* WHAT THIS TASK INVOLVES
Which lines belong in the answer? Exactly those from the line containing "transitivity (\esum_(x in" through the last line of the records below, repeated as written.

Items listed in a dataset

- Opening Delimiter -

(* For every response $y$, $$\mathbb{E}_N\big[(\hat\pi_N(y|x))^2\big]=\frac{(\phi_\beta(y|x))^2}{1-e^{-n}}\int_0^\infty\!\!\int_0^\infty\big(n+n^2\Phi_\beta(s_1)\Phi_\beta(s_2)\big)(\pi_{\mathrm{gen}}(y|x))^2e^{-(s_1+s_2)\phi_\beta(y|x)}\exp\big(n[\Phi_\beta(s_1)\Phi_\beta(s_2)-1]\big)\,ds_1\,ds_2.$$
   Context: Fix a prompt $x$, a countable response space $\mathcal{Y}$, conditional distributions $\pi_{\mathrm{target}}$ and $\pi_{\mathrm{gen}}$ (full support), a reward $r$, and $\beta>0$. Let $\phi_\beta(y|x)=\frac{\pi_{\mathrm{target}}(y|x)}{\pi_{\mathrm{gen}}(y|x)}e^{\beta r(y|x)}$ and $\Phi_\beta(s)=\mathbb{E}_{Y\sim\pi_{\mathrm{gen}}(\cdot|x)}[e^{-s\phi_\beta(Y|x)}]$ for $s\ge0$. Let $N\sim\mathrm{Poi}(n)|_{>0}$ (Poisson with mean $n$ conditioned to be positive) and, given $N$, let $Y_1,\dots,Y_N$ be i.i.d. from $\pi_{\mathrm{gen}}(\cdot|x)$; $N_y$ is the number of $j$ with $Y_j=y$ and $Z=\sum_{j=1}^N\phi_\beta(Y_j|x)$. Define $\hat\pi_N(y|x)=\mathbb{E}[N_y\phi_\beta(y|x)/Z\mid N]$. *)

From HB Require Import structures.
From mathcomp Require Import all_boot all_order all_algebra.
From mathcomp Require Import all_classical all_reals all_analysis.
Set Implicit Arguments. Unset Strict Implicit. Unset Printing Implicit Defensive.
Import Order.TTheory GRing.Theory Num.Theory.
Import numFieldNormedType.Exports.
Local Open Scope classical_set_scope.
Local Open Scope ring_scope.

(* The prompt x is fixed throughout; all conditional distributions
   pi_target(.|x), pi_gen(.|x), r(.|x) are represented as functions on Y. *)
Section Defs.
Context {R : realType} {Y : countType}.
Variables (pt pg r : Y -> R) (beta : R).

Definition phi (y : Y) : R := pt y / pg y * expR (beta * r y).

Definition Phi (s : R) : R :=
  fine (\esum_(y in [set: Y]) (pg y * expR (- (s * phi y)))%:E).

Definition Zsum (m : nat) (t : m.-tuple Y) : R := \sum_(j < m) phi (tnth t j).

Definition tuple_prob (m : nat) (t : m.-tuple Y) : R := \prod_(j < m) pg (tnth t j).

(* hat pi_m(y|x) = E[ N_y phi(y) / Z | N = m ] (with the convention a/0 = 0) *)
Definition pihat (m : nat) (y : Y) : R :=
  fine (\esum_(t in [set: m.-tuple Y])
          (tuple_prob t * ((count_mem y t)%:R * phi y / Zsum t))%:E).

End Defs.

(* pmf of Poi(n) conditioned to be positive, at m >= 1 *)
Definition poisson_pos_pmf {R : realType} (n : R) (m : nat) : R :=
  expR (- n) * n ^+ m / (m`!)%:R / (1 - expR (- n)).

Definition EN_pihat_sq {R : realType} {Y : countType} (pt pg r : Y -> R)
  (beta n : R) (y : Y) : \bar R :=
  \esum_(m in [set m : nat | (0 < m)%N])
     (poisson_pos_pmf n m * (pihat pt pg r beta m y) ^+ 2)%:E.

(* For a sample containing y we have Z >= phi y > 0, so the summand
   N_y phi(y) / Z of pihat is the integral over s >= 0 of N_y phi(y) e^{-sZ}.
   As e^{-sZ} factorises over an i.i.d. sample, summing over samples of size
   k+1 gives pihat_{k+1}(y) = (k+1) phi(y) pi_gen(y) J_k, where
   J_k = int_0^oo e^{-s phi(y)} Phi(s)^k ds.  Writing J_k^2 as a double
   integral and exchanging the Poisson sum with the integrals (everything is
   nonnegative), sum_k (k+1) w^k / k! = (1 + w) e^w at w = n Phi(s1) Phi(s2)
   yields the integrand.  When phi y = 0 both sides vanish. *)

From HB Require Import structures.
From mathcomp Require Import all_boot all_order all_algebra.
From mathcomp Require Import all_classical all_reals all_analysis.
From mathcomp Require Import measurable_realfun.
From mathcomp Require Import ring.
Set Implicit Arguments.
Unset Strict Implicit.
Unset Printing Implicit Defensive.
Import Order.TTheory GRing.Theory Num.Theory.
Import numFieldNormedType.Exports.
Local Open Scope classical_set_scope.
Local Open Scope ring_scope.
Local Open Scope ereal_scope.

Section countable_esum.
Variables (R : realType) (T : countType).
Implicit Types (f : T -> \bar R).

Lemma esum_pickle_invE f : (forall x, 0 <= f x) ->
  \esum_(x in [set: T]) f x = \sum_(k <oo) oapp f 0 (pickle_inv k).
Proof.
move=> f0; rewrite nneseries_esumT => [|k]; last by case: pickle_inv.
rewrite (esumID (range (@pickle T))) ?setTI => [|k _]; last by case: pickle_inv.
rewrite [X in _ + X]esum1 ?adde0; last first.
  move=> k /= kNpickle; case E: (pickle_inv k) => [x|//].
  by exfalso; apply: kNpickle; exists x => //; rewrite -[k](@pickle_invK T) E.
rewrite esum_image; last by move=> x1 x2 _ _ /(pcan_inj (@pickleK_inv T)).
by apply: eq_esum => x _; rewrite pickleK_inv.
Qed.

Lemma esumZl f (c : R) : (0 <= c)%R -> (forall x, 0 <= f x) ->
  \esum_(x in [set: T]) (c%:E * f x) = c%:E * \esum_(x in [set: T]) f x.
Proof.
move=> c0 f0; rewrite !esum_pickle_invE// => [|x]; last by rewrite mule_ge0.
rewrite -nneseriesZl => [|k _]; last by case: pickle_inv.
by apply: eq_eseriesr => k _; case: pickle_inv => //=; rewrite mule0.
Qed.

Lemma esum_eq_single f (y : T) : (forall x, x != y -> f x = 0) -> 0 <= f y ->
  \esum_(x in [set: T]) f x = f y.
Proof.
move=> fNy fy0.
rewrite (esumID [set y]) => [|x _]; last first.
  by case: (eqVneq x y) => [->//|/fNy ->].
rewrite [X in _ + X]esum1 ?adde0; last by move=> x [_ /eqP]; exact: fNy.
by rewrite setTI esum_set1.
Qed.

Lemma integral_esum d (X : measurableType d) (mu : {measure set X -> \bar R})
    (D : set X) (F : T -> X -> \bar R) : measurable D ->
  (forall t, measurable_fun D (F t)) -> (forall t x, D x -> 0 <= F t x) ->
  \int[mu]_(x in D) (\esum_(t in [set: T]) F t x) =
  \esum_(t in [set: T]) \int[mu]_(x in D) F t x.
Proof.
move=> mD mF F0.
rewrite esum_pickle_invE => [|t]; last by apply: integral_ge0 => x; exact: F0.
transitivity (\int[mu]_(x in D) \sum_(k <oo) oapp (F^~ x) 0 (pickle_inv k)).
  apply: eq_integral => x /[!inE] Dx.
  by rewrite esum_pickle_invE// => t; exact: F0.
rewrite integral_nneseries//.
- by apply: eq_eseriesr => k _; case: pickle_inv => //=; rewrite integral0.
- by move=> k; case: pickle_inv => //= t; exact: measurable_cst.
- by move=> k x Dx; case: pickle_inv => //= t; exact: F0.
Qed.

End countable_esum.

Section tuple_esum.
Variables (R : realType) (T : countType).

Lemma esum_tupleS m (f : m.+1.-tuple T -> \bar R) : (forall t, 0 <= f t) ->
  \esum_(t in [set: m.+1.-tuple T]) f t =
  \esum_(x in [set: T]) \esum_(t in [set: m.-tuple T]) f [tuple of x :: t].
Proof.
move=> f0; rewrite esum_esum//.
rewrite (reindex_esum ([set: T] `*`` (fun=> [set: m.-tuple T])) _
  (fun xt => [tuple of xt.1 :: xt.2])) //.
split=> //.
- by move=> [x1 t1] [x2 t2] _ _ /(congr1 val) [-> /val_inj ->].
- move=> t _; exists (thead t, [tuple of behead t]) => //=.
  by rewrite [RHS]tuple_eta.
Qed.

Variables (g : T -> R) (S : R).
Hypothesis g_ge0 : forall x, (0 <= g x)%R.
Hypothesis esum_g : \esum_(x in [set: T]) (g x)%:E = S%:E.

Let S_ge0 : (0 <= S)%R.
Proof. by rewrite -lee_fin -esum_g esum_ge0// => x _; rewrite lee_fin. Qed.

Let prod_ge0 m (t : m.-tuple T) : (0 <= \prod_(j < m) g (tnth t j))%R.
Proof. exact: prodr_ge0. Qed.

Lemma esum_tuple_prod m :
  \esum_(t in [set: m.-tuple T]) (\prod_(j < m) g (tnth t j))%:E = (S ^+ m)%:E.
Proof.
elim: m => [|m IHm].
  rewrite (esum_eq_single (y := [tuple])) ?big_ord0// => t.
  by rewrite tuple0 eqxx.
rewrite esum_tupleS => [|t]; last by rewrite lee_fin.
transitivity (\esum_(x in [set: T]) ((S ^+ m)%:E * (g x)%:E)).
  apply: eq_esum => x _; rewrite muleC -IHm -esumZl// => [|t]; last first.
    by rewrite lee_fin.
  apply: eq_esum => t _; rewrite big_ord_recl tnth0 EFinM.
  by under eq_bigr do rewrite tnthS.
rewrite esumZl; [|exact: exprn_ge0|by move=> x; rewrite lee_fin].
by rewrite esum_g -EFinM -exprSr.
Qed.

- Closing Delimiter -

* WRITTEN ANSWER
transitivity (\esum_(x in [set: T]) ((S ^+ m)%:E * (g x)%:E)).
  apply: eq_esum => x _; rewrite muleC -IHm -esumZl// => [|t]; last first.
    by rewrite lee_fin.
  apply: eq_esum => t _; rewrite big_ord_recl tnth0 EFinM.
  by under eq_bigr do rewrite tnthS.
rewrite esumZl; [|exact: exprn_ge0|by move=> x; rewrite lee_fin].
by rewrite esum_g -EFinM -exprSr.
Qed.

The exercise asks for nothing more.